When we talk about the difference between a distributed system and a stand-alone program, the first thing we think about is network issues between multiple machines. The network connection between multiple machines brings us many advantages, such as the ability to connect machines in different places without worrying about performance bottlenecks caused by a single machine. But it also brings us a lot of unexpected problems, this article will explain in detail why we say that the network is unreliable.

Possible problems with simple requests

Let’s first look at the problems that can occur when a node sends a request to another node (as shown in the following figure) :

  1. Your request may simply be lost. (E.g., the network suddenly goes down while sending)
  2. Your request may get stuck in a queue for some time before it gets sent. (such as heavy network load or direct overload of the receiver, etc.)
  3. The receiving node has a problem (crash, power failure, etc.)
  4. There may be a temporary problem on the receiving side that takes a while to respond (e.g. GC is being done, etc.)
  5. The receiver processed your request, but the response was lost.
  6. The receiver is quick to process your request, but the response is slow.

Therefore, it can be seen from the above situation that if there is a problem with a request, the sender may not know what happened at all, whether it is not sent out, sent out and not processed by the receiver, or processed by the receiver, but the response cannot be returned in time. The only information the sender can know is that a response has not been received for a period of time.
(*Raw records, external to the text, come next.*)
(* The ratio [p(a,c) p(b,c) / (p(a,b,c) p(c))] on the support of [(f, g, h)]; the
   conditional mutual information [I(f; g | h)] is minus its expected logarithm. *)
Definition cmi_ratio (z : A * B * C) : R :=
  if Rlt_dec 0 (pfgh z) then pfh (z.1.1, z.2) * pgh (z.1.2, z.2) / (pfgh z * ph z.2) else 0.

Lemma cmi_ratio_ln_bound w :
  p w * (lnp (pfh (f w, h w)) + lnp (pgh (g w, h w))
         - lnp (pfgh (f w, g w, h w)) - lnp (ph (h w)))
  <= p w * cmi_ratio (f w, g w, h w) - p w.
Proof.
case: (Rle_lt_or_eq_dec _ _ (p0 w)) => [pw|<-]; last by lra.
have a0 : 0 < pfgh (f w, g w, h w) := distr_gt0_pt p0 (pairv (pairv f g) h) pw.
have b0 : 0 < ph (h w) := distr_gt0_pt p0 h pw.
have c0 : 0 < pfh (f w, h w) := distr_gt0_pt p0 (pairv f h) pw.
have d0 : 0 < pgh (g w, h w) := distr_gt0_pt p0 (pairv g h) pw.
rewrite /cmi_ratio /=; case: Rlt_dec => //= _; rewrite !lnpE //.
move: a0 b0 c0 d0; set a := pfgh _; set b := ph _; set c := pfh _; set d := pgh _.
move=> a0 b0 c0 d0.
have cd_ab : 0 < c * d / (a * b) by apply: Rdiv_lt_0_compat; apply: Rmult_lt_0_compat.
have ln_cd_ab : ln (c * d / (a * b)) = ln c + ln d - ln a - ln b.
  have cd0 : 0 < c * d by apply: Rmult_lt_0_compat.
  have ab0 : 0 < a * b by apply: Rmult_lt_0_compat.
  have iab0 : 0 < / (a * b) by apply: Rinv_0_lt_compat.
  by rewrite /Rdiv !ln_mult // ln_Rinv // ln_mult //; ring.
have := ln_le_subr1 cd_ab; rewrite ln_cd_ab.
by move/(Rmult_le_compat_l (p w) _ _ (Rlt_le _ _ pw)); rewrite /Rdiv; lra.
Qed.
Because of the above reasons, generally speaking, the handling method of this situation is to add a timeout: the request is considered to have a problem if the response is not received within a period of time, but in fact the receiver may still process the relevant request (for example, the response cannot be sent back successfully).

False detection

Since networks are so unreliable, many systems need a mechanism to detect if there is a problem with the network, such as the following scenarios:

  1. A load balancing system needs to stop sending requests to problematic nodes.
  2. For a single leader database, if the leader fails, the election of the leader needs to be re-conducted.
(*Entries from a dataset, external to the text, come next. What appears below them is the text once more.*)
Lemma nonzero_group_tot_ord : is_tot_ord_group nonzero_group.
Proof.
split; first by move=> x y z; apply: nz_inj; rewrite /= (amulA HR).
split; first by move=> x y; apply: nz_inj; rewrite /= (amulC HR).
split; first by move=> x; apply: nz_inj; rewrite /= (amul1l HR).
split; first by move=> x; apply: nz_inj; rewrite /= nz_mulVx.
split; first by move=> x; apply: (ale_refl HR).
split; first by move=> x y le_xy le_yx; apply: nz_inj; apply: (ale_anti HR).
split; first by move=> x y z; apply: (ale_trans HR).
split; first by move=> x y; apply: (ale_total HR).
by move=> x y z; apply: (ale_mul2r HR).
Qed.

Definition nz_val (x : RGamma nonzero_group) : R :=
  if x is Some y then sval y else a0 R.

Lemma nz_val_inj : injective nz_val.
Proof.
case=> [x|] [y|] //= xy; first by congr Some; apply: nz_inj.
- by case: (svalP x).
- by case: (svalP y).
Qed.

Lemma nz_val_le (x y : RGamma nonzero_group) :
  rg_le x y <-> ale (nz_val x) (nz_val y).
Proof.
case: x y => [x|] [y|] /=; split=> //; try by move=> _; apply: (ale0a HR).
by move/(alea0 HR)/(svalP x).
Qed.

Lemma nz_val_mul (x y : RGamma nonzero_group) :
  nz_val (rg_mul x y) = amul (nz_val x) (nz_val y).
Proof. by case: x y => [x|] [y|] //=; rewrite ?(amul0l HR) ?(amul0r HR). Qed.

Variables (A : comPzRingType) (f : A -> R).

Definition nz_part (a : A) : RGamma nonzero_group :=
  match excluded_middle_informative (f a = a0 R) with
  | left _ => None
  | right nz_fa => Some (exist _ (f a) nz_fa)
  end.

Lemma nz_val_part a : nz_val (nz_part a) = f a.
Proof. by rewrite /nz_part; case: excluded_middle_informative. Qed.

End NonzeroGroup.

Lemma horner1_gt0 (P : {poly nat}) : P != 0 -> (0 < P.[1%N])%N.
Proof.
elim/poly_ind: P => [|P c IHP]; first by rewrite eqxx.
rewrite hornerMXaddC mulr1; have [->|nz_P] := eqVneq P 0.
  by rewrite mul0r !add0r horner0 polyC_eq0 lt0n.
by move=> _; apply: leq_trans (IHP nz_P) (leq_addr _ _).
Qed.

Section RGammaTempered.
Variable G : groupOps.
Hypothesis HG : is_tot_ord_group G.

Lemma rg_addxx (x : RGamma G) : rg_add x x = x.
Proof. by apply: (rg_le_ext HG) => z; rewrite !(rg_add_leP HG); tauto. Qed.

Lemma natR_RGamma k : (0 < k)%N -> natR (RGamma G) k = Some (g1 G).
Proof. by case: k => // k _; elim: k => // k /= ->; rewrite rg_addxx. Qed.

(* [R_G] is idempotent, so [P(n)] is [1] for every [n] as soon as [P(1) > 0]. *)
Lemma RGamma_tempered : tempered_growth (RGamma G).
Proof.
move=> P x nz_P /(_ 1%N); rewrite natR_RGamma ?horner1_gt0 //.
by case: x => [a|] //=; rewrite gmul1.
Qed.

End RGammaTempered.

Lemma krull_valuation_tempered (A : comPzRingType) (G : groupOps) (v : A -> RGamma G) :
  krull_valuation v -> tempered_mult_seminorm v.
Proof. by case=> HG norm_v mul_v; split=> //; apply: RGamma_tempered. Qed.

Lemma krull_norm2_le1 (A : comPzRingType) (G : groupOps) (v : A -> RGamma G) :
  krull_valuation v -> rg_le (v 2%:R) (Some (g1 G)).
Proof.
case=> HG [_ _ v1 normD _] _; have := normD 1 1.
by rewrite -mulr2n v1 -[aadd _ _]/(rg_add _ _) rg_addxx.
Qed.

Section MultEquiv.
Variables (A : comPzRingType) (R1 R2 : auraOps) (f1 : A -> R1) (f2 : A -> R2).
Hypotheses (Hf1 : gseminorm f1) (Hf2 : gseminorm f2).

Lemma mult_equiv_le1 a : mult_equiv f1 f2 -> ale (f1 a) (a1 R1) <-> ale (f2 a) (a1 R2).
Proof.
case: Hf1 Hf2 => [HR1 _ f11 _ _] [HR2 _ f21 _ _] /(_ a 1 1).
by rewrite f11 f21 (amul1r HR1) (amul1r HR2).
Qed.

Lemma mult_equivE : Defs.multiplicative f1 -> Defs.multiplicative f2 ->
  seminorm_equiv f1 f2 <-> mult_equiv f1 f2.
Proof.
move=> mul_f1 mul_f2; split=> [equiv_f a b c | equiv_f a b].
  by rewrite -mul_f1 -mul_f2.
case: Hf1 Hf2 (equiv_f a b 1) => [HR1 _ f11 _ _] [HR2 _ f21 _ _].
by rewrite f11 f21 (amul1r HR1) (amul1r HR2).
Qed.

End MultEquiv.

Section ValuationOfNonarchimedean.
Variables (R : auraOps) (A : comPzRingType) (f : A -> R).
Hypotheses (Hf : tempered_mult_seminorm f) (norm2_le1 : ale (f 2%:R) (a1 R)).
Let HR := seminorm_pt_aura Hf.
Let HG := nonzero_group_tot_ord HR.

Lemma nz_part_valuation : krull_valuation (nz_part HR f).
Proof.
have nz_part_mul a b : nz_part HR f (a * b) = rg_mul (nz_part HR f a) (nz_part HR f b).
  by apply: nz_val_inj; rewrite nz_val_mul !nz_val_part (normM Hf).
split=> //; split=> //; first exact: RGamma_pt_aura.
- by apply: nz_val_inj; rewrite nz_val_part (norm0 Hf).
- by apply: nz_val_inj; rewrite nz_val_part (norm1 Hf).
- move=> a b; change (rg_le (nz_part HR f (a + b))
                             (rg_add (nz_part HR f a) (nz_part HR f b))).
  wlog le_ab : a b / ale (f a) (f b).
    move=> wlog_ab; have [|le_ba] := ale_total HR (f a) (f b); first exact: wlog_ab.
    by rewrite addrC (rg_addC HG); apply: wlog_ab.
  apply: (rg_le_trans HG (y := nz_part HR f b)); last exact: rg_le_addr.
  by apply/nz_val_le; rewrite !nz_val_part; apply: norm_add_le.
- by move=> a b; rewrite nz_part_mul; apply: (rg_le_refl HG).
Qed.

Lemma nz_part_mult_equiv : mult_equiv f (nz_part HR f).
Proof.
move=> a b c; apply: iff_sym; apply: iff_trans (nz_val_le _ _) _.
by rewrite nz_val_mul !nz_val_part.
Qed.

End ValuationOfNonarchimedean.

Theorem lemma3p6 (A : comPzRingType) :
  (forall (G : groupOps) (v : A -> RGamma G),
      krull_valuation v -> tempered_mult_seminorm v) /\
  (forall (G1 G2 : groupOps) (v1 : A -> RGamma G1) (v2 : A -> RGamma G2),
      krull_valuation v1 -> krull_valuation v2 ->
      (seminorm_equiv v1 v2 <-> mult_equiv v1 v2)) /\
  (forall (R : auraOps) (f : A -> R), tempered_mult_seminorm f ->
      ((exists (G : groupOps) (v : A -> RGamma G),
           krull_valuation v /\ mult_equiv f v)
         <-> ale (f 2%:R) (a1 R)) /\
      (ale (f 2%:R) (a1 R) <-> (forall n : nat, ale (f n%:R) (a1 R)))).
Proof.
split; first exact: krull_valuation_tempered.
split.
  by move=> G1 G2 v1 v2 [_ norm_v1 mul_v1] [_ norm_v2 mul_v2]; apply: mult_equivE.
move=> R f Hf; split; last by split=> [|]; [apply: norm_natr_le1 | apply].
split=> [[G [v [val_v equiv_fv]]] | norm2_le1].
  have [_ norm_v _] := val_v; case: Hf => norm_f _ _.
  by apply/(mult_equiv_le1 norm_f norm_v _ equiv_fv); apply: krull_norm2_le1.
exists (nonzero_group (seminorm_pt_aura Hf)), (nz_part (seminorm_pt_aura Hf) f).
by split; [apply: nz_part_valuation | apply: nz_part_mult_equiv].
Qed.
As we have said, it is difficult to determine whether a node actually works, but it is possible to determine whether an aspect of a node actually works in some special scenarios:

  1. You can connect to the remote node, but no one is listening. For example, the operating system can return an RST or FIN packet to indicate that the TCP connection has been broken or rejected.
  2. The process of one node crashes, but the whole operating system still works normally. We can actively inform other nodes of the process crash through a script, without using timeout to judge.
  3. If you have access to the management interface of the database network switch, you can use it to detect connectivity errors at the hardware level. That’s assuming you have access, of course.
  4. If the Destination IP address is Unreachable, the router may reply to you with the Destination Unreachable packet.

Of course, in general, we still use the heartbeat mechanism to detect errors. For example, if the heartbeat has not been received for a period of time, the corresponding node is considered to have a problem. It’s just that determining timeout is a topic worth investigating.
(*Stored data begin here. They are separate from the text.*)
Lemma head_to q q' m (hI rI : 'I_M) main ext a p : tio q = (q', m) -> p < M ->
  let target := mv M hI m in
  reachS (Cfg (q, hI, rI, HeadTo (inord p)) main p ext a)
         (Cfg (resume q' (inord target) rI) main target ext a)
         ((p - target) + (target - p)).+1 0.
Proof.
move=> Eq hp target; have ht : target < M := mv_lt m (ltn_ord hI).
suff loop n : forall p, p < M -> (p - target) + (target - p) = n ->
  reachS (Cfg (q, hI, rI, HeadTo (inord p)) main p ext a)
         (Cfg (resume q' (inord target) rI) main target ext a) n.+1 0 by exact: loop.
elim: n => [|n IH] {}p {}hp hd.
  have ep : p = target by lia.
  apply: reach_ctrl; [exact: ctrl_nacc | by [] | by rewrite /= inordK // Eq -/target ep eqxx |].
  by rewrite ep; apply: reach0.
case: (ltngtP p target) => hpt; last lia.
- apply: reach_ctrl; [exact: ctrl_nacc | by [] |
    by rewrite /= inordK // Eq -/target (ltn_eqF hpt) hpt |].
  rewrite /= ifT; last lia.
  by apply: IH; lia.
- apply: reach_ctrl; [exact: ctrl_nacc | by [] |
    by rewrite /= inordK // Eq -/target (gtn_eqF hpt) ltnNge ltnW |].
  by apply: IH; lia.
Qed.

Lemma inord0 : inord 0 = ord0 :> 'I_M.
Proof. by apply: val_inj; rewrite /= inordK. Qed.

Lemma advance_step q (hI rI : 'I_M) k g z : k < B' -> B <= M ->
  sim_delta (q, hI, rI, Advance (inord k)) g z =
  ((q, hI, rI, Transfer (inord k.+1)), g, MoveR, AInc).
Proof. by move=> hk hB; rewrite /= inordK ?ltn_eqF //; lia. Qed.

Lemma advance_last q (hI rI : 'I_M) g z : B <= M ->
  sim_delta (q, hI, rI, Advance (inord B')) g z =
  ((q, hI, rI, AddrRestore (inord (B' - rI))), g, MoveS, AKeep).
Proof. by move=> hB; rewrite /= inordK ?eqxx //; lia. Qed.

Lemma transfer_read q (hI rI : 'I_M) main ext h0 a0 :
  tkind q = ReadSt -> h0 + B <= M ->
  reachS (Cfg (q, hI, rI, Transfer ord0) main h0 ext a0)
         (Cfg (q, hI, rI, AddrRestore (inord (B' - rI))) (copy_block ext main a0 h0 B)
              (h0 + B') ext (a0 + B')) B B.
Proof.
move=> Hq hB; have hBM : B <= M by lia.
suff loop n k : k + n = B' ->
  reachS (Cfg (q, hI, rI, Transfer (inord k)) (copy_block ext main a0 h0 k) (h0 + k) ext (a0 + k))
         (Cfg (q, hI, rI, AddrRestore (inord (B' - rI))) (copy_block ext main a0 h0 B)
              (h0 + B') ext (a0 + B')) n.+1 n.+1.
  by have := loop B' 0 erefl; rewrite inord0 copy_block0 !addn0.
elim: n k => [|n IH] k hk;
  (apply: reach_read; [exact: ctrl_nacc | by rewrite /= Hq | by [] |];
   rewrite /cell_read /= -copy_blockS).
  rewrite addn0 in hk; subst k.
  by apply: reach_ctrl; [exact: ctrl_nacc | by [] | exact: advance_last | exact: reach0].
apply: reach_ctrl; [exact: ctrl_nacc | by [] | apply: advance_step; lia |].
rewrite /= ifT; last lia.
by rewrite -!addnS; apply: IH; lia.
Qed.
Timeouts and uncontrolled delays

If we set the timeout too long, requests will continue to be sent to this node between the time the problem actually occurs and the time it is detected, but we will see many false replies. If we set the timeout was very short, so a small network fluctuation or a load of wave could cause we mistakenly think of node as there is a problem, and this is the aftermath of the originally belongs to the node load transfer to other nodes, and it is also a problem (imagine the extreme, many nodes are considered to have a problem, So only a few nodes are processing the request.

If our network transmission can have a fixed time commitment, for example, or every packet will be completed within time D, otherwise it will be lost. Each node is then able to complete processing of the request within time r. This assumes that we must receive response in time 2d+r, and we can set the timeout to this value.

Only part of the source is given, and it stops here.